**Provided data:**

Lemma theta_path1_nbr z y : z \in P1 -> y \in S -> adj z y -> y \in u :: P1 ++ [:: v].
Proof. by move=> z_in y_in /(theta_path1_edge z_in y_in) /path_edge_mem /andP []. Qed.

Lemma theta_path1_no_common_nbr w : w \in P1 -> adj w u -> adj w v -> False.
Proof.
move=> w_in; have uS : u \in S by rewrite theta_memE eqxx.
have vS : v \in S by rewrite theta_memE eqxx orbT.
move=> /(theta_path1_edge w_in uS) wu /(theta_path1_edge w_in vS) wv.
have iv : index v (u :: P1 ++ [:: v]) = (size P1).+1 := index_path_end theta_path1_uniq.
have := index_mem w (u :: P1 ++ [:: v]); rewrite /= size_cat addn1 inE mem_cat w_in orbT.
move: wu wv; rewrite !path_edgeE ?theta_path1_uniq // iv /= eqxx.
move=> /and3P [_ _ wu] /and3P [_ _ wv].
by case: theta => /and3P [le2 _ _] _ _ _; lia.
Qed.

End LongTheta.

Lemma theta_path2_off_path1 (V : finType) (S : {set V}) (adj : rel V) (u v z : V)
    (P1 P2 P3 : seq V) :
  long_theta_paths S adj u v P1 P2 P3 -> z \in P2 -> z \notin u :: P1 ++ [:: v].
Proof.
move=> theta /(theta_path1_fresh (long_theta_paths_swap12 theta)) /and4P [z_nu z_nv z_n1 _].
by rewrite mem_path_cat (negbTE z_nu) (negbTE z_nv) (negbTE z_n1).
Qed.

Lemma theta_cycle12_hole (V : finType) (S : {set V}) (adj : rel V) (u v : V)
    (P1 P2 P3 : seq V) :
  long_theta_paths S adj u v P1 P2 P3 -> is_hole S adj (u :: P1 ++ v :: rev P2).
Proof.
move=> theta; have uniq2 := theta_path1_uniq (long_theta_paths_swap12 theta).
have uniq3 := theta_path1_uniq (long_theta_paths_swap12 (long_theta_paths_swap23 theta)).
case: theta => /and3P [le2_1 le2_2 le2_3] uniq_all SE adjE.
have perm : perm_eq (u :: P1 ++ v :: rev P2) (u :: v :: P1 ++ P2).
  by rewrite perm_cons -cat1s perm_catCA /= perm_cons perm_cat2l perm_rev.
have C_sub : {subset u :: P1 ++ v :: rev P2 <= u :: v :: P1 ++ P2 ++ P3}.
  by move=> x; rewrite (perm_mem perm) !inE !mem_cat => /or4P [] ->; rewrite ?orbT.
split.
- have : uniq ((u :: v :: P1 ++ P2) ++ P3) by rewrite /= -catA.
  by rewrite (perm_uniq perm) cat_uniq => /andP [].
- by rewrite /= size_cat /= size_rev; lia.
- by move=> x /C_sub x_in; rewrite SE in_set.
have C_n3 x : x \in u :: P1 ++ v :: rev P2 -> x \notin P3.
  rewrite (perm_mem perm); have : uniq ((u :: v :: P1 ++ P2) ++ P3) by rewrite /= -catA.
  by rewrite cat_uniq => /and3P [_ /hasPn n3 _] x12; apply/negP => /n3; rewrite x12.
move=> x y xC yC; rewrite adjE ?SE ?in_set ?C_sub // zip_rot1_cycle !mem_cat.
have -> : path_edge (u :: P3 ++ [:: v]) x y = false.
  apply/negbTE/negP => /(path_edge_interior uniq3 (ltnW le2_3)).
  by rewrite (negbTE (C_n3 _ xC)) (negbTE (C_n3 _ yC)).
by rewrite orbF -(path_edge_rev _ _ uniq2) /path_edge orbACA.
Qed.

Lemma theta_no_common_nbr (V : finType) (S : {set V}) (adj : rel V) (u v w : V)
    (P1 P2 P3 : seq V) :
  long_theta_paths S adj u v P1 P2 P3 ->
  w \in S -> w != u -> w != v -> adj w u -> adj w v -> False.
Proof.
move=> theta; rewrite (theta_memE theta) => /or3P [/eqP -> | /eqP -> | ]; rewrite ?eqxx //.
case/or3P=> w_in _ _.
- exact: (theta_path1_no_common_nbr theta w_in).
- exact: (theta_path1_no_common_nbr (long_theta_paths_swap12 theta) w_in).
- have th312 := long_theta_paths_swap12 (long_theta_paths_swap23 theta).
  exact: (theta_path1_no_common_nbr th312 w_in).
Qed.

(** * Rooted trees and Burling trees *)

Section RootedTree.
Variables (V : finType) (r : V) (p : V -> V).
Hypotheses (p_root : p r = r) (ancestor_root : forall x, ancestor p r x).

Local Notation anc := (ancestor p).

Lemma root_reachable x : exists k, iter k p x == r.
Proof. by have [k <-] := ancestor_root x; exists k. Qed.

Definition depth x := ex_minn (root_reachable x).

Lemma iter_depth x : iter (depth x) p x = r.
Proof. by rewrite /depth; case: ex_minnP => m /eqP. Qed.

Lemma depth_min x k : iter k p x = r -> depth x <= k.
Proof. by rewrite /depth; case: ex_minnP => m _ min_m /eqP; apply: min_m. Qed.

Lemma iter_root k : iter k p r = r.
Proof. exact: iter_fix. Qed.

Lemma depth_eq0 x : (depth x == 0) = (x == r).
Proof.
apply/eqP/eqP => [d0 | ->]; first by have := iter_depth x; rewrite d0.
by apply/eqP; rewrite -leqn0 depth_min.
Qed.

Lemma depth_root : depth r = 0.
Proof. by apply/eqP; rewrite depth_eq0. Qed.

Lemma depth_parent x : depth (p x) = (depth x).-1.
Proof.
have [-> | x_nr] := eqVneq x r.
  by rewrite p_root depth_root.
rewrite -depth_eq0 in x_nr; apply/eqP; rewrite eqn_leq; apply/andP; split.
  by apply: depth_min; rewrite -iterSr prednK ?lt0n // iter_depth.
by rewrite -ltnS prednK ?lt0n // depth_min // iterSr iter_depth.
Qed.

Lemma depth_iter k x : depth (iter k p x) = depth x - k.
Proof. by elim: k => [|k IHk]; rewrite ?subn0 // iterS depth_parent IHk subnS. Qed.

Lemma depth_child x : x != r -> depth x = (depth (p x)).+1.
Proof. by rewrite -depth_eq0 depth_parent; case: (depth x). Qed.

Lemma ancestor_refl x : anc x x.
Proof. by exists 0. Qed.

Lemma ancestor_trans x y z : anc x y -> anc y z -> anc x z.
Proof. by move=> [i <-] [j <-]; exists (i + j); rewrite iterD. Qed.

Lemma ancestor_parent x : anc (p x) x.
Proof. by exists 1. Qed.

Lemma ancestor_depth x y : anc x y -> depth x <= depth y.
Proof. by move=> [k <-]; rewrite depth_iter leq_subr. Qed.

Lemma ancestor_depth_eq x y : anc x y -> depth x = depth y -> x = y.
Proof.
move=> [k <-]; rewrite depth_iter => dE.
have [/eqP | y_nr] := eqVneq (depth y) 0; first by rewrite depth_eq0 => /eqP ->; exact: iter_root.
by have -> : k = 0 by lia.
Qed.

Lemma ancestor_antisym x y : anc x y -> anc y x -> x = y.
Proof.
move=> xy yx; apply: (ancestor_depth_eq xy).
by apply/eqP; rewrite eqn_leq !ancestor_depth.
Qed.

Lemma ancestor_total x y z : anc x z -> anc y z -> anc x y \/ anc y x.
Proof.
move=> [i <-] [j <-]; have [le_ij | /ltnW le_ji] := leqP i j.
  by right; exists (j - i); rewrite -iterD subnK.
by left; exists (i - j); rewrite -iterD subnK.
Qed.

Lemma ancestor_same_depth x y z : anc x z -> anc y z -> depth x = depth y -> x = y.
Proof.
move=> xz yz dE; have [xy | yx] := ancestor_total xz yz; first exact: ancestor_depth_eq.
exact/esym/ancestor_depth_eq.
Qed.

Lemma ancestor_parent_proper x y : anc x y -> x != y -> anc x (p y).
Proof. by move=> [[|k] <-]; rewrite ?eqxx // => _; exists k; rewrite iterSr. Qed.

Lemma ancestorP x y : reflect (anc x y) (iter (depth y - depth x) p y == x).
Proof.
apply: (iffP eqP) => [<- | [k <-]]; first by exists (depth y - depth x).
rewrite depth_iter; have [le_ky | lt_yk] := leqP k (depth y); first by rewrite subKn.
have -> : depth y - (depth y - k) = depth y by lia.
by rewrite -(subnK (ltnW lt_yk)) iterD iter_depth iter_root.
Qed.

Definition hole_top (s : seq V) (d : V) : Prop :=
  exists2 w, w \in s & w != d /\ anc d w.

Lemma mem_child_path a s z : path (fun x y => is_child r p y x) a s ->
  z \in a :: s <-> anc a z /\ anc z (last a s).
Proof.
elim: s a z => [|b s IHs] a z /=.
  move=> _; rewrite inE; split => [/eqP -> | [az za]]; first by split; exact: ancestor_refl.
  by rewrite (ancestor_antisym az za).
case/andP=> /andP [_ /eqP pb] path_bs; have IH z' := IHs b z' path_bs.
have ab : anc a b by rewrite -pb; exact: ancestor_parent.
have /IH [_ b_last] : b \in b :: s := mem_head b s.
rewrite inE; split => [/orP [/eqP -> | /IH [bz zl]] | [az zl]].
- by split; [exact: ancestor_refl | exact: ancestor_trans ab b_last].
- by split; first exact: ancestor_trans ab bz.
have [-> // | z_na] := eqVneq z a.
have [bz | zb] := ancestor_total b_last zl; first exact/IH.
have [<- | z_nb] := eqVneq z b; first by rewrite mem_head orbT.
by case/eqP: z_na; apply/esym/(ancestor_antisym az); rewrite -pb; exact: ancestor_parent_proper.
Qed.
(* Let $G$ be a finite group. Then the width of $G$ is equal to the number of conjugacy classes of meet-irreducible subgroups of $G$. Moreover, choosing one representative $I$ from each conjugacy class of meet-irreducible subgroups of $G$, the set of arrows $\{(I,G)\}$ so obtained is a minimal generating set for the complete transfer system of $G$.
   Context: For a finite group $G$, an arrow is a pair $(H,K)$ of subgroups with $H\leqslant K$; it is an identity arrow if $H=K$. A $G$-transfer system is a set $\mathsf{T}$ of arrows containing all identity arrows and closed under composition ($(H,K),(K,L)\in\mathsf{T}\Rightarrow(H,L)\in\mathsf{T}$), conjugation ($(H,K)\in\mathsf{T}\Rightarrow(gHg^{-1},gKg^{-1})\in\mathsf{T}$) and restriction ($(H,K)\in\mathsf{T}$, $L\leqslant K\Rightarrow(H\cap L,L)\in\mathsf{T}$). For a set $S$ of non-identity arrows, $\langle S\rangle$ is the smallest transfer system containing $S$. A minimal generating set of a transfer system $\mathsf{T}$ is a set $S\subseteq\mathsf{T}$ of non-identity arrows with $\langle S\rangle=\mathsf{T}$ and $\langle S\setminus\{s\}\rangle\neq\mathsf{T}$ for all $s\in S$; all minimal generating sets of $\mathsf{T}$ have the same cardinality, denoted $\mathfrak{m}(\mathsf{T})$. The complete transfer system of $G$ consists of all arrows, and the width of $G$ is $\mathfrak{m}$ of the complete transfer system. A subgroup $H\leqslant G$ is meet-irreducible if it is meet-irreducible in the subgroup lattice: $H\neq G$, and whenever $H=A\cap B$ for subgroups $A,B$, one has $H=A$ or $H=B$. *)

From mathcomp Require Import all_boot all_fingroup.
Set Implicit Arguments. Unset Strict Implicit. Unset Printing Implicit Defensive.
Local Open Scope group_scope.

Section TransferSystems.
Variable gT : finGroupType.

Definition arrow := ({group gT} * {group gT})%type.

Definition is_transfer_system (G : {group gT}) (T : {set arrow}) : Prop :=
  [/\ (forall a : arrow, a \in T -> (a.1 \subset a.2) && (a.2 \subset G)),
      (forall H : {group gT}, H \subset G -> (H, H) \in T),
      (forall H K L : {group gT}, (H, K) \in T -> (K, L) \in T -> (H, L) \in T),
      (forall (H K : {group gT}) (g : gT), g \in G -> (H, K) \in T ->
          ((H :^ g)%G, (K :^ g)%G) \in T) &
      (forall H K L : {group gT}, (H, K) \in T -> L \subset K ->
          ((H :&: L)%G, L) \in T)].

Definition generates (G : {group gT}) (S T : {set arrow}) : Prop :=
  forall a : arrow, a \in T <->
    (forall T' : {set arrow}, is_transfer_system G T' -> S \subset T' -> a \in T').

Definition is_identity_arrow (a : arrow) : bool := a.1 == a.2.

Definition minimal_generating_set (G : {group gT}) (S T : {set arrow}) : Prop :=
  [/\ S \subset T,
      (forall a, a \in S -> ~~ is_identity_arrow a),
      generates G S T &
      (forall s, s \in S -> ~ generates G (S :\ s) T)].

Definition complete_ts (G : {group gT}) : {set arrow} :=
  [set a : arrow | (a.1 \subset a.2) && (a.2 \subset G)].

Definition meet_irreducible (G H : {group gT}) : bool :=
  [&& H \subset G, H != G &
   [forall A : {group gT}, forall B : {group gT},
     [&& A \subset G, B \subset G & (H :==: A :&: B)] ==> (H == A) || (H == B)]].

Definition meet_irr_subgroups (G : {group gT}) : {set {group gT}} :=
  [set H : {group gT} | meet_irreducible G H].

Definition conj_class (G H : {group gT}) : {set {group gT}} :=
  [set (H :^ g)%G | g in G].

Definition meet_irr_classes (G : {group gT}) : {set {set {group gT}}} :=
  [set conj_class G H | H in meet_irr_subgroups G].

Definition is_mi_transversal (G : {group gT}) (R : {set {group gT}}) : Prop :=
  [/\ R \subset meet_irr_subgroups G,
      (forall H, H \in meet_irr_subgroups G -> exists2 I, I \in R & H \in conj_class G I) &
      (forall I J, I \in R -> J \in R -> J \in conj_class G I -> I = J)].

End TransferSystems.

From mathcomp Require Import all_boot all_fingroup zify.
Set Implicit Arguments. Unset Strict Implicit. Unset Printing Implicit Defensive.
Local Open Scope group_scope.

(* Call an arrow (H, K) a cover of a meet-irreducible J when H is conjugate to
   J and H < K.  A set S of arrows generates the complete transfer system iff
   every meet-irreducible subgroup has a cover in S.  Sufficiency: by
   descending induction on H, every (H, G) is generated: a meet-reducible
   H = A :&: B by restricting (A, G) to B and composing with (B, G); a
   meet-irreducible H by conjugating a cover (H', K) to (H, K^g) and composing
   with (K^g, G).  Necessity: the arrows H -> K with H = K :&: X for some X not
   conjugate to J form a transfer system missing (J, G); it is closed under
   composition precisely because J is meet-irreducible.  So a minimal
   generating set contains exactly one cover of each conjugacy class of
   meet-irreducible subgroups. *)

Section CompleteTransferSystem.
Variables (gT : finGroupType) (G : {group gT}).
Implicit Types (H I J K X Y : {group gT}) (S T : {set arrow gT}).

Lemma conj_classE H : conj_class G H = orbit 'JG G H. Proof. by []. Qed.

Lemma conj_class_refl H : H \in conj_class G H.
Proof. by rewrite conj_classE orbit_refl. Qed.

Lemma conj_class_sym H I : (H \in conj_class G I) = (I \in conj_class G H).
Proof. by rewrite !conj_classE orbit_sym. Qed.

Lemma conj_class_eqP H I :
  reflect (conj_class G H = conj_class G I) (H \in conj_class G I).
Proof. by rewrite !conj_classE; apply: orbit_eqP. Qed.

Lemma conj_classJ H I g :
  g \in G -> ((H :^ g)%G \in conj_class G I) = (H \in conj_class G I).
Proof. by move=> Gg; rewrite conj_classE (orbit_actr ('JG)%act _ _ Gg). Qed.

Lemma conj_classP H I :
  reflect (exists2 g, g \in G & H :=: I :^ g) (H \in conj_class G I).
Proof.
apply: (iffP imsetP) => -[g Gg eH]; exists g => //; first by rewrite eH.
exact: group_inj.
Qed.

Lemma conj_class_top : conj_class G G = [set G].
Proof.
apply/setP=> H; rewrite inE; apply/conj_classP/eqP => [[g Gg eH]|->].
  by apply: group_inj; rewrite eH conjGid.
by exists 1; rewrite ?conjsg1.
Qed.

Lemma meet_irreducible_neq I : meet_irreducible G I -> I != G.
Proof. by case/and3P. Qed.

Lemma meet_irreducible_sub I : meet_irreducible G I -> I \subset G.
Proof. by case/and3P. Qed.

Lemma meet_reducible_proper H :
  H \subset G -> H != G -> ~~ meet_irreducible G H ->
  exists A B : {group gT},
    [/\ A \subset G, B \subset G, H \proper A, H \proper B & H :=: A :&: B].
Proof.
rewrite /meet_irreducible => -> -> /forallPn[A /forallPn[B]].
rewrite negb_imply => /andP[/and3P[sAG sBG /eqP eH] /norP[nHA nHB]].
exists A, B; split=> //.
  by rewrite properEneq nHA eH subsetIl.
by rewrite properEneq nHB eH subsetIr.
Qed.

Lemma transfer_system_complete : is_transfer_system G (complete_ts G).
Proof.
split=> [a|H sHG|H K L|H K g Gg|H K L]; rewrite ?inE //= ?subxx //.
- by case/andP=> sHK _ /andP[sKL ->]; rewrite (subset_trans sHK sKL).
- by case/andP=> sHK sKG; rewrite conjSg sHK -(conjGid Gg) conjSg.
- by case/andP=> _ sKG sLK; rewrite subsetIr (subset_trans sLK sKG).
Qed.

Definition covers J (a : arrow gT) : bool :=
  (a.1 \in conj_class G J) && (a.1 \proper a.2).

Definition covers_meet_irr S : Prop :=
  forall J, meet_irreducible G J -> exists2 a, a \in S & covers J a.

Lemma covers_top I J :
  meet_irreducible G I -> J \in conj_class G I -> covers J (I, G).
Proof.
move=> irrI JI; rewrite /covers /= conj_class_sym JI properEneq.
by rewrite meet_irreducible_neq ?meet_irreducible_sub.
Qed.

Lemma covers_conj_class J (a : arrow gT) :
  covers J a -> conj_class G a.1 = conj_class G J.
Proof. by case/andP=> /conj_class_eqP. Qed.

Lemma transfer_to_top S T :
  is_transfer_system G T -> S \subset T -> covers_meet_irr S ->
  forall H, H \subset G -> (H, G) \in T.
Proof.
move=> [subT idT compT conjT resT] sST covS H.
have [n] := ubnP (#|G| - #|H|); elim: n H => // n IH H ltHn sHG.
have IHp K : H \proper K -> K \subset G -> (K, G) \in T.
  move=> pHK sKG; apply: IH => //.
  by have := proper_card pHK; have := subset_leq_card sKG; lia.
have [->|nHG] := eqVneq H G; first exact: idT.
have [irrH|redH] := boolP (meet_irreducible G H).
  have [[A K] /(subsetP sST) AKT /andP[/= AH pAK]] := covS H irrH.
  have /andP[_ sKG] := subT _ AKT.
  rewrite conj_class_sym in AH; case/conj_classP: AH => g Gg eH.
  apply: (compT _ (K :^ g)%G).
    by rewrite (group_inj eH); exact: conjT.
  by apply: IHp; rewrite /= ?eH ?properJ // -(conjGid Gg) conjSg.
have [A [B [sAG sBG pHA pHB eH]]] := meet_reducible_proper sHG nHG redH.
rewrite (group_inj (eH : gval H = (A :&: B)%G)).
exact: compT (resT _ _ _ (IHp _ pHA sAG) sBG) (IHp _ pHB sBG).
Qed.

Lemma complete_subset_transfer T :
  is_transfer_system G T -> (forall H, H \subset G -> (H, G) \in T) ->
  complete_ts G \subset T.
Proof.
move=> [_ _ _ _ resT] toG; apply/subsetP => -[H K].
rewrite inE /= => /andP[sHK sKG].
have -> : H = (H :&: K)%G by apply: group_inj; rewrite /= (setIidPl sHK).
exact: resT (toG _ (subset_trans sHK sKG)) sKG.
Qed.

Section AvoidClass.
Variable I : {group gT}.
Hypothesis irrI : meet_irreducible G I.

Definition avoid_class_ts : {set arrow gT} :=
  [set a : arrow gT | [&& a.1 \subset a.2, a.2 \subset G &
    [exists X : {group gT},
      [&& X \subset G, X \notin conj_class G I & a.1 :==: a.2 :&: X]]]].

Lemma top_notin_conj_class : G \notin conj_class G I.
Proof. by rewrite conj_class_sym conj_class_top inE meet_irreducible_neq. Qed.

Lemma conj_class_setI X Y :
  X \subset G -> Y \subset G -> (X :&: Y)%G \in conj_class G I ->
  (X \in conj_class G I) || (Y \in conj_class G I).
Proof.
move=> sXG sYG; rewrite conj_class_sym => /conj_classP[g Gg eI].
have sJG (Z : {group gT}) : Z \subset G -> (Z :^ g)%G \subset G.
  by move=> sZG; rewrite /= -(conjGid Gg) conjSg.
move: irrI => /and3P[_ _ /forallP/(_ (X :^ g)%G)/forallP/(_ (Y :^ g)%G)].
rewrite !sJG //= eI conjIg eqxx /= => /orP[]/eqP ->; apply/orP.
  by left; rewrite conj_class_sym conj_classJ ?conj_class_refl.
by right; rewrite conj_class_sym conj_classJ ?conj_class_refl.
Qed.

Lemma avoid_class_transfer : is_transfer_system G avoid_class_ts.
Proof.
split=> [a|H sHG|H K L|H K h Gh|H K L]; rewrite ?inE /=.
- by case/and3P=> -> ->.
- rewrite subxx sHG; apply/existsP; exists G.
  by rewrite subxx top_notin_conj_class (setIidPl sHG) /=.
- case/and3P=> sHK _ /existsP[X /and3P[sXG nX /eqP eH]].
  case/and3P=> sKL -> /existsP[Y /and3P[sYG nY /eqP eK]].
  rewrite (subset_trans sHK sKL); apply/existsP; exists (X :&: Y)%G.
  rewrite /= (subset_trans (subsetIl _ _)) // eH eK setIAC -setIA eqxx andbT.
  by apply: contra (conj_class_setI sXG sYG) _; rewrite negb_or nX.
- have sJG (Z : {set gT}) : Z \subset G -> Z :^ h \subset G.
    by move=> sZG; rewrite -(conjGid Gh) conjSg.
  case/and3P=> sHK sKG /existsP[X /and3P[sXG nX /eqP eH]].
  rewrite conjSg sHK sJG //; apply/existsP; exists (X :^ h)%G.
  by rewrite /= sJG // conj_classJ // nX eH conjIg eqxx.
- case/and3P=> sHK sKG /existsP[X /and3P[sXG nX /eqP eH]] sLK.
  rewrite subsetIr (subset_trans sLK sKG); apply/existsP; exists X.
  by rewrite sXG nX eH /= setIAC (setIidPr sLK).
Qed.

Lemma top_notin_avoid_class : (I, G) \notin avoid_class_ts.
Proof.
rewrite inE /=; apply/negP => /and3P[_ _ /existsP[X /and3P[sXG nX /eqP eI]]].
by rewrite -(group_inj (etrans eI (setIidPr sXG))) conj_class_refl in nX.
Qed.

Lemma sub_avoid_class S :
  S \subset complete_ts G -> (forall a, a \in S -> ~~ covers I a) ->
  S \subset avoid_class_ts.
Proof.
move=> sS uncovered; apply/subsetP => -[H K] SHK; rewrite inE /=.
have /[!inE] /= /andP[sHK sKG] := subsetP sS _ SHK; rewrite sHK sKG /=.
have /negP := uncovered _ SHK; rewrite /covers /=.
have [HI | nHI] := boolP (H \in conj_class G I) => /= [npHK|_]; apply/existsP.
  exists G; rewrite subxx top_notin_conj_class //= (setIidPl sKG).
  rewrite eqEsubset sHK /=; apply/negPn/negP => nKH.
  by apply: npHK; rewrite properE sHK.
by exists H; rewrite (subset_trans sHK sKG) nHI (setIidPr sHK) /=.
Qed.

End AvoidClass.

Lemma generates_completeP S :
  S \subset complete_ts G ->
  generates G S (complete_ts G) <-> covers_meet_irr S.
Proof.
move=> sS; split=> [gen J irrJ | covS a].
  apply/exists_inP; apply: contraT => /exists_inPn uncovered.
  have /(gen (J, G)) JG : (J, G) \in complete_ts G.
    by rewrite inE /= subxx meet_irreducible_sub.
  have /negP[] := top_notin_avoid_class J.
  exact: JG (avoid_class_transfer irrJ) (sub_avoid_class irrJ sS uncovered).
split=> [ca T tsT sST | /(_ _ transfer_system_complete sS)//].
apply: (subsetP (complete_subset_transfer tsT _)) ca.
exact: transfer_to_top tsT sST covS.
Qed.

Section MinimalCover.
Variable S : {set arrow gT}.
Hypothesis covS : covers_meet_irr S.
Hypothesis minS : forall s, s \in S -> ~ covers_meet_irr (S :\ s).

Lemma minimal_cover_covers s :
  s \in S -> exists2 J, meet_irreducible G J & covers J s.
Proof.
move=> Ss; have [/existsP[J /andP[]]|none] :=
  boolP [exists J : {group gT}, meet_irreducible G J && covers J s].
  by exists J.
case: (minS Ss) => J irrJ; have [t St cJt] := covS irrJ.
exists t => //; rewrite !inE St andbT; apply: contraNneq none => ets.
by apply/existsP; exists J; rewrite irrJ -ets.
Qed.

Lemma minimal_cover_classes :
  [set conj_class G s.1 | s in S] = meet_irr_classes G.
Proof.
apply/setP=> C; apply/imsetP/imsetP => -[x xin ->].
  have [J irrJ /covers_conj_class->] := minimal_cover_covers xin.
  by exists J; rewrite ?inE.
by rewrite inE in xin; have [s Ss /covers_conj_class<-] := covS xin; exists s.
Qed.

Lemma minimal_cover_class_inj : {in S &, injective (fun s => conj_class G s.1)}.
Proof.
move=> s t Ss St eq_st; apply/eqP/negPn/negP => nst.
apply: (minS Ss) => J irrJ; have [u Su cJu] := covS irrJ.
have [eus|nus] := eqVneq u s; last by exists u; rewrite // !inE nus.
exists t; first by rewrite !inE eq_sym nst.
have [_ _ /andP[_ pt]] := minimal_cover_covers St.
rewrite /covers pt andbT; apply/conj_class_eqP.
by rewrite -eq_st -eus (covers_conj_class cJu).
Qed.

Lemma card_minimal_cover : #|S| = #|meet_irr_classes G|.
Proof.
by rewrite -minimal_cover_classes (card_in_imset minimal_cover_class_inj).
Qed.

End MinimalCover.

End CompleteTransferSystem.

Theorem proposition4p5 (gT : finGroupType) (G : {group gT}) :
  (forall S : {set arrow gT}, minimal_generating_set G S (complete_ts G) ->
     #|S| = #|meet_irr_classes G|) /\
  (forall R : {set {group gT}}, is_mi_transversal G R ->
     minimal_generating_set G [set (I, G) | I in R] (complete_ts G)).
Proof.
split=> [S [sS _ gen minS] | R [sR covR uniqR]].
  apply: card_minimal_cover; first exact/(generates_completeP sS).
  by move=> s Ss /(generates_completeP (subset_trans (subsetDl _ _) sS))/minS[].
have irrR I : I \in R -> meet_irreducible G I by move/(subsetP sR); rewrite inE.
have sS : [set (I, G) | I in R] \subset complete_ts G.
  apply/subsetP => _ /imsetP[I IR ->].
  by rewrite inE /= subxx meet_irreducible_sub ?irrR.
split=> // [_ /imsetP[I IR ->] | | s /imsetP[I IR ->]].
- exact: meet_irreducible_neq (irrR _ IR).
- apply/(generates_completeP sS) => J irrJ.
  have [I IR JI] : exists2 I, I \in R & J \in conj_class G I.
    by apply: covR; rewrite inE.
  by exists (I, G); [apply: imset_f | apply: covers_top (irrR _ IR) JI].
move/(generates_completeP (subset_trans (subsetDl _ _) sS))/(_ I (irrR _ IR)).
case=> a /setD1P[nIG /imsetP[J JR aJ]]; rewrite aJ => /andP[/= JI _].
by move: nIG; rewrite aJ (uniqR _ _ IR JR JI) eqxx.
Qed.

**Task directions:** When the word "adjE" appears in a line of the listing, pull that line out.

**Output below:**
case: theta => /and3P [le2_1 le2_2 le2_3] uniq_all SE adjE.
move=> x y xC yC; rewrite adjE ?SE ?in_set ?C_sub // zip_rot1_cycle !mem_cat.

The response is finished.